Schadenfreude tends to be strongest when someone feels inferior, has low self-esteem, or perceives the target as a high achiever whose success is undeserved.

But while schadenfreude gives us the illusion of evening the playing field, the schadenfreudian isn’t actually moving up a rank, as Dr. Grande points out. “It may make that person feel better, but it doesn’t offer any improvement. It doesn’t actually make them better. It’s leveling the playing field by bringing a high performer down to a normal level, but it’s not increasing the ability or the skills of the person who feels inferior, so in that sense, it’s really an immature response.” Even more concerning is what it indicates psychologically. Schadenfreude is associated with Dark Triad traits like narcissism, Machiavellianism, and psychopathy. In other words, it’s an antisocial trait at odds with empathy.

It is also strongly related to low self-esteem, which predisposes people to feeling threatened by successful people. It should come as no surprise, then, that we’re witnessing an explosion of antisocial behavior like schadenfreude just as social psychologists have been warning that narcissism is on the rise. Evolutionary psychologist Dr. Nigel Barber notes a significant influence seems to be that social media facilitates self-centeredness, self-promotion, and boasting, all the while documenting envy-inspiring activities like exotic travels. Their followers experience FOMO, which incentivizes them to inflate their self-image to keep up with other people’s lifestyles. “Social media encourages people to behave like individuals with narcissistic personality disorder,” he warns.

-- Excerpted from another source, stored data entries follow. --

Lemma altX_ge_sign_alternating n t L (X : signvec n) :
  (forall j : 'I_n, X j = sign_entry (t j)) -> subseq L (iota 0 n) ->
  sign_alternating t L -> (size L <= altX X)%N.
Proof.
move=> tX Ln /andP[t0 tL].
pose m : {ffun 'I_n -> bool} := [ffun j => val j \in L].
have select_L : [seq val j | j <- enum 'I_n & m j] = L.
  rewrite (eq_filter (a2 := preim val (mem L))) => [|j]; last by rewrite ffunE.
  by rewrite -filter_map val_enum_ord -(subseq_uniqP (iota_uniq 0 n) Ln).
apply: leq_trans (leq_bigmax m) => /=.
have -> : [seq X j | j <- enum 'I_n & m j] = [seq sign_entry (t i) | i <- L].
  by rewrite -select_L -map_comp; apply: eq_map => j; rewrite /= tX.
rewrite /Defs.alternating all_map sorted_map (sub_sorted (@sign_entry_opposite t) tL).
rewrite size_map andbT ifT //; apply: sub_all t0 => i /=.
by rewrite /sign_entry; case: eqP.
Qed.

End SignAlternation.

Section InnerProduct.
Variables (R : realType) (k : nat).
Implicit Types x y : 'rV[R]_k.

Lemma inner_oppl x y : inner (- x) y = - inner x y.
Proof. by rewrite /inner -sumrN; apply: eq_bigr => i _; rewrite mxE mulNr. Qed.

Lemma inner_oppr x y : inner x (- y) = - inner x y.
Proof. by rewrite /inner -sumrN; apply: eq_bigr => i _; rewrite mxE mulrN. Qed.

Lemma inner_scalel c x y : inner (c *: x) y = c * inner x y.
Proof. by rewrite /inner mulr_sumr; apply: eq_bigr => i _; rewrite mxE mulrA. Qed.

Lemma inner_scaler c x y : inner x (c *: y) = c * inner x y.
Proof. by rewrite /inner mulr_sumr; apply: eq_bigr => i _; rewrite mxE mulrCA. Qed.

Lemma inner_self_gt0 y : y != 0 -> 0 < inner y y.
Proof.
move=> y0; rewrite lt_def sumr_ge0 => [|i _]; last by rewrite -expr2 sqr_ge0.
rewrite andbT; apply: contra y0 => /eqP/psumr_eq0P y2_0.
apply/eqP/rowP => i; rewrite mxE; apply/eqP.
by rewrite -sqrf_eq0 expr2 y2_0 // => j _; rewrite -expr2 sqr_ge0.
Qed.

Lemma inner_continuous y : continuous (fun x => inner x y).
Proof.
apply: (continuous_big add_continuous) => i _ x.
by apply: continuousM; [exact: coord_continuous | exact: cst_continuous].
Qed.

Lemma inner_self_continuous : continuous (fun x => inner x x).
Proof.
apply: (continuous_big add_continuous) => i _ x.
by apply: continuousM; exact: coord_continuous.
Qed.

Definition normalize y : 'rV[R]_k := (Num.sqrt (inner y y))^-1 *: y.

End InnerProduct.

Lemma sphere_normalize (R : realType) d (y : 'rV[R]_d.+1) : y != 0 -> sphere (normalize y).
Proof.
move=> y0; have y2_gt0 := inner_self_gt0 y0.
rewrite /sphere /normalize /= inner_scalel inner_scaler mulrA -expr2 exprVn.
by rewrite sqr_sqrtr ?ltW // mulVf // gt_eqF.
Qed.

Lemma sphere_neq0 (R : realType) d (x : 'rV[R]_d.+1) : sphere x -> x != 0.
Proof.
move=> x_sphere; apply/eqP => x0; move: x_sphere; rewrite /sphere /= x0 /inner big1.
  by move/eqP; rewrite eq_sym oner_eq0.
by move=> i _; rewrite mxE mul0r.
Qed.

Section MomentCurve.
Variables (R : realType) (d : nat).
Implicit Types x : 'rV[R]_d.+1.

Definition moment_vector (i : nat) : 'rV[R]_d.+1 := \row_(k < d.+1) ((-1) ^+ i * i%:R ^+ k).

Definition poly_of_row x : {poly R} := \poly_(k < d.+1) x ord0 (inord k).

Lemma inner_moment_vector x i : inner x (moment_vector i) = signed_eval (poly_of_row x) i.
Proof.
rewrite /signed_eval horner_poly mulr_sumr; apply: eq_bigr => k _.
by rewrite mxE inord_val mulrCA.
Qed.

Lemma moment_vector_neq0 i : moment_vector i != 0.
Proof. by apply/eqP => /rowP/(_ ord0); rewrite !mxE expr0 mulr1 => /eqP; rewrite signr_eq0. Qed.

Lemma poly_of_row_eq0 x : (poly_of_row x == 0) = (x == 0).
Proof.
apply/eqP/eqP => [x0 | ->]; last first.
  by apply/polyP => k; rewrite coef_poly mxE coef0; case: ifP.
apply/rowP => k; have := congr1 (fun q : {poly R} => q`_k) x0.
by rewrite coef_poly ltn_ord coef0 inord_val mxE.
Qed.

End MomentCurve.

Section SignPattern.
Variables (R : realType) (V : finType) (E : {set {set V}}) (d : nat).
Variables (phi : V -> 'rV[R]_d.+1) (sigma : ordering V).

Definition sign_pattern (x : 'rV[R]_d.+1) : signvec #|V| :=
  [ffun j => sign_entry (inner x (phi (sigma j)))].

Lemma hits_of_Xplus x :
  (0 < #|induced_edges E (sigma @: Xplus (sign_pattern x))|)%N -> hits E phi x.
Proof.
rewrite card_gt0 => /set0Pn[e]; rewrite inE => /andP[Ee /fintype.subsetP e_sub].
exists e => // v /e_sub /imsetP[j]; rewrite inE ffunE /sign_entry => /eqP + ->.
by case: eqP => // _ [].
Qed.

Lemma hits_of_Xminus x :
  (0 < #|induced_edges E (sigma @: Xminus (sign_pattern x))|)%N -> hits E phi (- x).
Proof.
rewrite card_gt0 => /set0Pn[e]; rewrite inE => /andP[Ee /fintype.subsetP e_sub].
exists e => // v /e_sub /imsetP[j]; rewrite inE ffunE /sign_entry => /eqP + ->.
rewrite /hemi inner_oppl oppr_gt0; case: eqP => // /eqP xv0 [] /negbT.
by rewrite -leNgt le_eqVlt (negPf xv0).
Qed.

Hypothesis phi_sphere : forall v, sphere (phi v).
Hypothesis altX_bound : forall x, sphere x -> (#|V| <= altX (sign_pattern x) + d)%N.

Lemma dim_admissible_of_alt_sigma : (alt_sigma E sigma + d < #|V|)%N -> dim_admissible R E d.
Proof.
move=> alt_lt; exists phi; split => // x /altX_bound altX_ge.
have [plus0 | /hits_of_Xplus] := posnP #|induced_edges E (sigma @: Xplus (sign_pattern x))|;
  last by left.
have [minus0 | /hits_of_Xminus] := posnP #|induced_edges E (sigma @: Xminus (sign_pattern x))|;
  last by right.
have : (altX (sign_pattern x) <= alt_sigma E sigma)%N.
  by apply: leq_bigmax_cond; rewrite plus0 minus0.
lia.
Qed.

Lemma sdim_admissible_of_salt_sigma : (salt_sigma E sigma + d < #|V|)%N -> sdim_admissible R E d.
Proof.
move=> salt_lt; exists phi; split => // x /altX_bound altX_ge.
suff [/hits_of_Xplus ? /hits_of_Xminus ?] :
  (0 < #|induced_edges E (sigma @: Xplus (sign_pattern x))|)%N /\
  (0 < #|induced_edges E (sigma @: Xminus (sign_pattern x))|)%N by [].
rewrite !lt0n; apply/andP; rewrite -negb_or; apply/negP => empty_side.
have : (altX (sign_pattern x) <= salt_sigma E sigma)%N.
  by apply: leq_bigmax_cond; case/orP: empty_side => /eqP ->; rewrite ?min0n ?minn0.
lia.
Qed.

End SignPattern.

Section MomentEmbedding.
Variables (R : realType) (V : finType) (d : nat).
Variables (sigma : ordering V) (g : V -> 'I_#|V|).
Hypothesis sigmaK : cancel sigma g.

Definition moment_embedding (v : V) : 'rV[R]_d.+1 := normalize (moment_vector R d (g v)).

Lemma moment_embedding_sphere v : sphere (moment_embedding v).
Proof. exact/sphere_normalize/moment_vector_neq0. Qed.

Lemma altX_moment_pattern x :
  sphere x -> (#|V| <= altX (sign_pattern moment_embedding sigma x) + d)%N.
Proof.
move=> /sphere_neq0 x0; have p0 : poly_of_row x != 0 by rewrite poly_of_row_eq0.
have [L Ln /andP[altL sizeL]] := poly_sign_alternation #|V| p0.
pose c i := (Num.sqrt (inner (moment_vector R d i) (moment_vector R d i)))^-1.
have c_gt0 i : 0 < c i by rewrite invr_gt0 sqrtr_gt0 inner_self_gt0 ?moment_vector_neq0.
have pattern_eq j : sign_pattern moment_embedding sigma x j =
                    sign_entry (c j * signed_eval (poly_of_row x) j).
  by rewrite ffunE /moment_embedding /normalize sigmaK inner_scaler (inner_moment_vector x).
have altcL : sign_alternating (fun i => c i * signed_eval (poly_of_row x) i) L.
  by apply: sign_alternating_scale altL => i j _ _; rewrite mulr_gt0.
have altX_ge := altX_ge_sign_alternating pattern_eq Ln altcL.
apply: leq_trans sizeL _; rewrite leq_add //.
by rewrite -subn1 leq_subLR add1n size_poly.
Qed.

End MomentEmbedding.

Lemma swapK (T : finType) : involutive (@swap T).
Proof. by case=> v b; rewrite /swap /= negbK. Qed.

Section BoxMap.
Variables (R : realType) (V : finType) (E : {set {set V}}) (d : nat).
Variable phi : V -> 'rV[R]_d.+1.
Local Notation W := (KGvert E * bool)%type.
Implicit Types (x : 'rV[R]_d.+1) (w : W).

Definition orient (b : bool) x := if b then x else - x.

Definition box_weight x w : R := \prod_(v in val w.1) Num.max (inner (orient w.2 x) (phi v)) 0.

Definition box_mass x : R := \sum_w box_weight x w.

(* The correction term vanishes on the sphere and keeps the denominator
   positive off it, so that continuity can be checked on the whole space. *)
Definition box_denominator x : R := box_mass x + `|1 - inner x x|.

Definition box_map x w : R := box_weight x w / box_denominator x.

Lemma box_weight_ge0 x w : 0 <= box_weight x w.
Proof. by apply: prodr_ge0 => v _; rewrite le_max lexx orbT. Qed.

Lemma box_weight_neq0 x a b :
  box_weight x (a, b) != 0 -> forall v, v \in val a -> 0 < inner (orient b x) (phi v).
Proof.
move=> /prodf_neq0 weight0 v av; have := weight0 v av.
by apply: contraNT; rewrite -leNgt => le0; rewrite max_r.
Qed.

Lemma box_weight_gt0_of_hits x b :
  hits E phi (orient b x) -> exists a, 0 < box_weight x (a, b).
Proof.
case=> e Ee e_pos; exists (exist _ e Ee).
by apply: prodr_gt0 => v ev; rewrite lt_max e_pos.
Qed.

Lemma box_weight_opp x w : box_weight (- x) w = box_weight x (swap w).
Proof. by case: w => a [] //=; rewrite /box_weight /= opprK. Qed.

Lemma box_mass_gt0 x w : 0 < box_weight x w -> 0 < box_mass x.
Proof.
move=> weight_gt0; rewrite /box_mass (bigD1 w) //= ltr_pwDl //.
by apply: sumr_ge0 => ? _; exact: box_weight_ge0.
Qed.

Lemma box_mass_opp x : box_mass (- x) = box_mass x.
Proof.
rewrite /box_mass (reindex_inj (inv_inj (@swapK _))) /=.
by apply: eq_bigr => w _; rewrite box_weight_opp swapK.
Qed.

Lemma box_denominator_opp x : box_denominator (- x) = box_denominator x.
Proof. by rewrite /box_denominator box_mass_opp inner_oppl inner_oppr opprK. Qed.

Lemma box_weight_continuous w : continuous (box_weight ^~ w).
Proof.
apply: (continuous_big mul_continuous) => v _.
apply: (@max_fun_continuous _ _ R (fun y => inner (orient w.2 y) (phi v)) (fun=> 0));
  last exact: cst_continuous.
case: w.2 => /=; first exact: inner_continuous.
rewrite (_ : (fun _ => _) = fun y => inner y (- phi v)); first exact: inner_continuous.
by apply: funext => y; rewrite inner_oppl inner_oppr.
Qed.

If social media is fueling both narcissistic and sociopathic personality traits, and we’re seeing a rise in the joy of others’ misfortunes—in a knee-jerk inclination to tear others experiencing joy or success down—then we should be concerned that American culture is under siege by tremendously bad actors. In recent years, culture has taken a disturbing, antisocial turn: young people callously celebrate tragic accidents, murders, and acts of terrorism when they befall the successful.

Namely, billionaires like United Healthcare CEO Brian Thompson or the passengers on the OceanGate submersible that exploded at the bottom of the ocean on its way to view the Titanic wreckage. Most recently, we witnessed an outpouring of glee and terrorism apologia in the wake of conservative political commentator Charlie Kirk’s assassination. When ambitious mountain climbers with money take on the task of hiking Mt. Everest and meet an unfortunate fate, the world rolls its eyes and comments, “Deserved.”

Research shows that social media rewards schadenfreude-driven aggression, strengthening in-group identity through public humiliation and making cruelty addictive by removing accountability through anonymity. Over time, constant exposure to this humiliation culture normalizes cruelty, inhibits empathy, and makes people more accepting of real-world violence. This is the true cost of tear-down culture driven by envy and a desire to humble others.

Over time, constant exposure to this humiliation culture normalizes cruelty, inhibits empathy, and makes people more accepting of real-world violence.

Tall Poppy Syndrome is socially corrosive because it posits success as a social liability. When everyone is secretly rooting for the other’s downfall, when people stop sincerely wanting the best for each other, we’re on the path to a low-trust society. And the necessary conditions that give rise to innovation and creative expression, like risk-taking, are suffocated by a repressive culture of mediocrity.

If benign envy is more closely correlated with positive emotions, higher self-esteem, and self-improvement, while malicious envy is associated with the inverse, then we have everything to gain from rooting for success, good fortune, and wins of all stripes for their own sake, and everything to lose by indulging in others’ downfall. A nation that resents its winners doesn’t create new ones.